» **Stored items**
(* Let $p_k$ be as defined in the context. In the Laurent polynomial ring $\mathbb Z[a^{\pm1},q^{\pm1}]$, for each nonzero integer $i$ set $\ell=|i|-1$ and $k=|i-\tfrac12|-\tfrac12$ (so $k=\ell=i-1$ if $i\ge1$, and $k=-i$, $\ell=-i-1$ if $i\le-1$), and define for $m\in\mathbb Z$ $$x_i(m)=\begin{cases}p_{m-k}\big(a^{-1}q^{-m-k},a^{-1}q^{-m-k+1},\dots,a^{-1}q^{-m+\ell}\big)&\text{if } m>k,\\ 0&\text{if } -\ell\le m\le k,\\ p_{-m-\ell}\big(aq^{m-\ell},aq^{m-\ell+1},\dots,aq^{m+k}\big)&\text{if } m<-\ell.\end{cases}$$ Then for all integers $m\ne n$, $1-aq^{m+n}$ divides $x_i(m)-x_i(n)$ in $\mathbb Z[a^{\pm1},q^{\pm1}]$.
   Context: For integers $k\ge0$ and variables $\lambda_1,\dots,\lambda_r$, $p_k(\lambda_1,\dots,\lambda_r)=(1-\lambda_1)\cdots(1-\lambda_r)\sum_{\alpha\in\mathbb Z_{\ge0}^r,\,0\le|\alpha|<k}\lambda^\alpha$, with $\lambda^\alpha=\prod\lambda_j^{\alpha_j}$ and $|\alpha|=\sum\alpha_j$. (In the paper these are the fixed-point restrictions of module generators of $K^*_T(\Omega SU(2))$, with $K^0_T=\mathbb Z[a^{\pm1},q^{\pm1}]$ and the fixed points indexed by $\mathbb Z$; the stated divisibility is the GKM condition along the edge between fixed points $m$ and $n$.) *)

From HB Require Import structures.
From mathcomp Require Import all_boot all_order all_algebra fraction.
Set Implicit Arguments. Unset Strict Implicit. Unset Printing Implicit Defensive.
Import Order.TTheory GRing.Theory Num.Theory.
Local Open Scope ring_scope.

(* The Laurent polynomial ring Z[a^{+-1}, q^{+-1}] is realised as the subring
   of the fraction field Frac(Z[a][q]) consisting of elements P / (a^N q^M). *)
Definition Frac := {fraction {poly {poly int}}}.
Definition tof (x : {poly {poly int}}) : Frac := FracField.tofrac x.

Definition va : Frac := tof (('X : {poly int})%:P).
Definition vq : Frac := tof 'X.

Definition laurent (x : Frac) : Prop :=
  exists (P : {poly {poly int}}) (N M : nat), x = tof P / (va ^+ N * vq ^+ M).

(* p_k(lambda_1..lambda_r) = prod (1 - lambda_j) * sum_{alpha in N^r, |alpha| < k} lambda^alpha.
   Every alpha with |alpha| < k has all entries < k, so alpha ranges over
   functions 'I_r -> 'I_k. *)
Definition pk (k r : nat) (lam : 'I_r -> Frac) : Frac :=
  (\prod_(j < r) (1 - lam j)) *
  \sum_(alpha : {ffun 'I_r -> 'I_k} | (\sum_(j < r) (alpha j : nat) < k)%N)
     \prod_(j < r) lam j ^+ alpha j.
Theorem theorem1 (R : realType) (n T p q : nat)
  (X : 'I_n -> 'I_T -> 'I_p -> R) (W : 'I_q -> 'I_n -> 'I_T -> bool)
  (alpha pi c cbar cund cm : R)
  (t : tree R p)
  (Tstar : 'I_q -> ('I_p -> R) -> R) (L : 'I_q -> R) :
  (1 <= n)%N -> (1 <= T)%N -> (1 <= p)%N ->
  0 < alpha -> alpha < 1 / 2 -> 1 < pi -> 0 < c ->
  0 < cund -> cund <= cbar -> 0 < cm ->
  (forall z tt j, 0 <= X z tt j <= 1) ->
  (let M := Num.sqrt (ln (n * T)%:R * (p.+1)%:R / (minn n T)%:R) in
   forall x1 x2 : 'I_p -> R,
     (forall j, 0 <= x1 j) -> (forall j, x1 j <= x2 j) -> (forall j, x2 j <= 1) ->
     let V := \prod_(j < p) (x2 j - x1 j) in
     let frac := #|[set o : ('I_n * 'I_T)%type |
                     [forall j, (x1 j <= X o.1 o.2 j) && (X o.1 o.2 j <= x2 j)]]|%:R
                 / (n * T)%:R in
     cund * V - cm * M <= frac /\ frac <= cbar * V + cm * M) ->
  regular X W alpha t [set: ('I_n * 'I_T)%type] ->
  fair_split pi t [::] ->
  (let lvs := leaves X t [set: ('I_n * 'I_T)%type] 0 in
   let ell := (size lvs)%:R : R in
   let M := Num.sqrt (ln (n * T)%:R * (p.+1)%:R / (minn n T)%:R) in
   (forall lf, lf \in lvs -> c * ln ell <= (lf.2)%:R) ->
   ell `^ (c * ln (1 / alpha)) * (2 * cm * M) <= alpha ->
   (forall i (x y : 'I_p -> R),
      (forall j, 0 <= x j <= 1) -> (forall j, 0 <= y j <= 1) ->
      `|Tstar i x - Tstar i y| <= L i * Num.sqrt (\sum_(j < p) (x j - y j) ^+ 2)) ->
   let s := c / ((pi + 1) * p%:R) * (alpha * cund / (4 * cbar)) in
   forall i lf, lf \in lvs ->
     forall o1 o2, o1 \in lf.1 -> o2 \in lf.1 ->
       `|Tstar i (X o1.1 o1.2) - Tstar i (X o2.1 o2.2)|
         <= 2 * L i * Num.sqrt p%:R / ell `^ s).
Proof.
move=> n_ge1 T_ge1 p_ge1 alpha_gt0 alpha_lt_half pi_gt1 c_gt0 cund_gt0 cund_le_cbar _ X01
  cover reg fair lvs ell M deep noise lip s i lf lf_in o1 o2 o1_in o2_in.
have alpha_bounds : 0 < alpha < 1 by rewrite alpha_gt0; lra.
have ell_ge1 : 1 <= ell by rewrite ler1n size_leaves_gt0.
have noise_small h : (h < (Num.Def.truncn (c * ln ell)).+1)%N -> 2 * (cm * M) <= alpha ^+ h.+1.
  rewrite ltnS mulrA truncn_ge_nat ?mulr_ge0 ?ln_ge0 ?(ltW c_gt0) //.
  exact: expn_ge_of_powR_mul_le alpha_bounds ell_ge1 noise.
have NT_gt0 : (0 < n * T)%N by rewrite muln_gt0 n_ge1 T_ge1.
have alpha_le1 : alpha <= 1 by lra.
have [path [fair_p size_p width_p]] := root_leaves_fair_shrinking_path X01 cover NT_gt0 alpha_gt0
  alpha_le1 cund_gt0 cund_le_cbar noise_small reg fair lf_in.
have beta_bounds := contraction_rate_bounds alpha_gt0 alpha_lt_half cund_gt0 cund_le_cbar.
have width_le k : width (fun o => X o.1 o.2) lf.1 k <= 2 / ell `^ s.
  apply: le_trans (width_p k) _.
  apply: (contraction_pow_le (d := size path) beta_bounds _ ell_ge1 (ltW c_gt0)).
  - by rewrite mulr_gt0 ?ltr0n //; lra.
  - by rewrite size_p; exact: deep.
  - exact: (@fair_count_take _ _ _ pi_gt1 path k _ fair_p).
have two_div_ge0 : 0 <= 2 / ell `^ s by rewrite divr_ge0 ?powR_ge0.
apply: le_trans (lip i _ _ (X01 o1.1 o1.2) (X01 o2.1 o2.2)) _.
have -> : 2 * L i * Num.sqrt p%:R / ell `^ s = L i * (Num.sqrt p%:R * (2 / ell `^ s)).
  by ring.
apply: ler_wpM2l; first exact: lipschitz_ge0 p_ge1 (lip i).
apply: sqrt_sum_sqr_le two_div_ge0 _ => k.
exact: le_trans (dist_le_width _ k o1_in o2_in) (width_le k).
Qed.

» **HOW TO COMPLETE THIS TASK**
Check each line of the records for the string "mathbb" and copy those that have it.

» **TASK RESULT**
(* Let $p_k$ be as defined in the context. In the Laurent polynomial ring $\mathbb Z[a^{\pm1},q^{\pm1}]$, for each nonzero integer $i$ set $\ell=|i|-1$ and $k=|i-\tfrac12|-\tfrac12$ (so $k=\ell=i-1$ if $i\ge1$, and $k=-i$, $\ell=-i-1$ if $i\le-1$), and define for $m\in\mathbb Z$ $$x_i(m)=\begin{cases}p_{m-k}\big(a^{-1}q^{-m-k},a^{-1}q^{-m-k+1},\dots,a^{-1}q^{-m+\ell}\big)&\text{if } m>k,\\ 0&\text{if } -\ell\le m\le k,\\ p_{-m-\ell}\big(aq^{m-\ell},aq^{m-\ell+1},\dots,aq^{m+k}\big)&\text{if } m<-\ell.\end{cases}$$ Then for all integers $m\ne n$, $1-aq^{m+n}$ divides $x_i(m)-x_i(n)$ in $\mathbb Z[a^{\pm1},q^{\pm1}]$.
   Context: For integers $k\ge0$ and variables $\lambda_1,\dots,\lambda_r$, $p_k(\lambda_1,\dots,\lambda_r)=(1-\lambda_1)\cdots(1-\lambda_r)\sum_{\alpha\in\mathbb Z_{\ge0}^r,\,0\le|\alpha|<k}\lambda^\alpha$, with $\lambda^\alpha=\prod\lambda_j^{\alpha_j}$ and $|\alpha|=\sum\alpha_j$. (In the paper these are the fixed-point restrictions of module generators of $K^*_T(\Omega SU(2))$, with $K^0_T=\mathbb Z[a^{\pm1},q^{\pm1}]$ and the fixed points indexed by $\mathbb Z$; the stated divisibility is the GKM condition along the edge between fixed points $m$ and $n$.) *)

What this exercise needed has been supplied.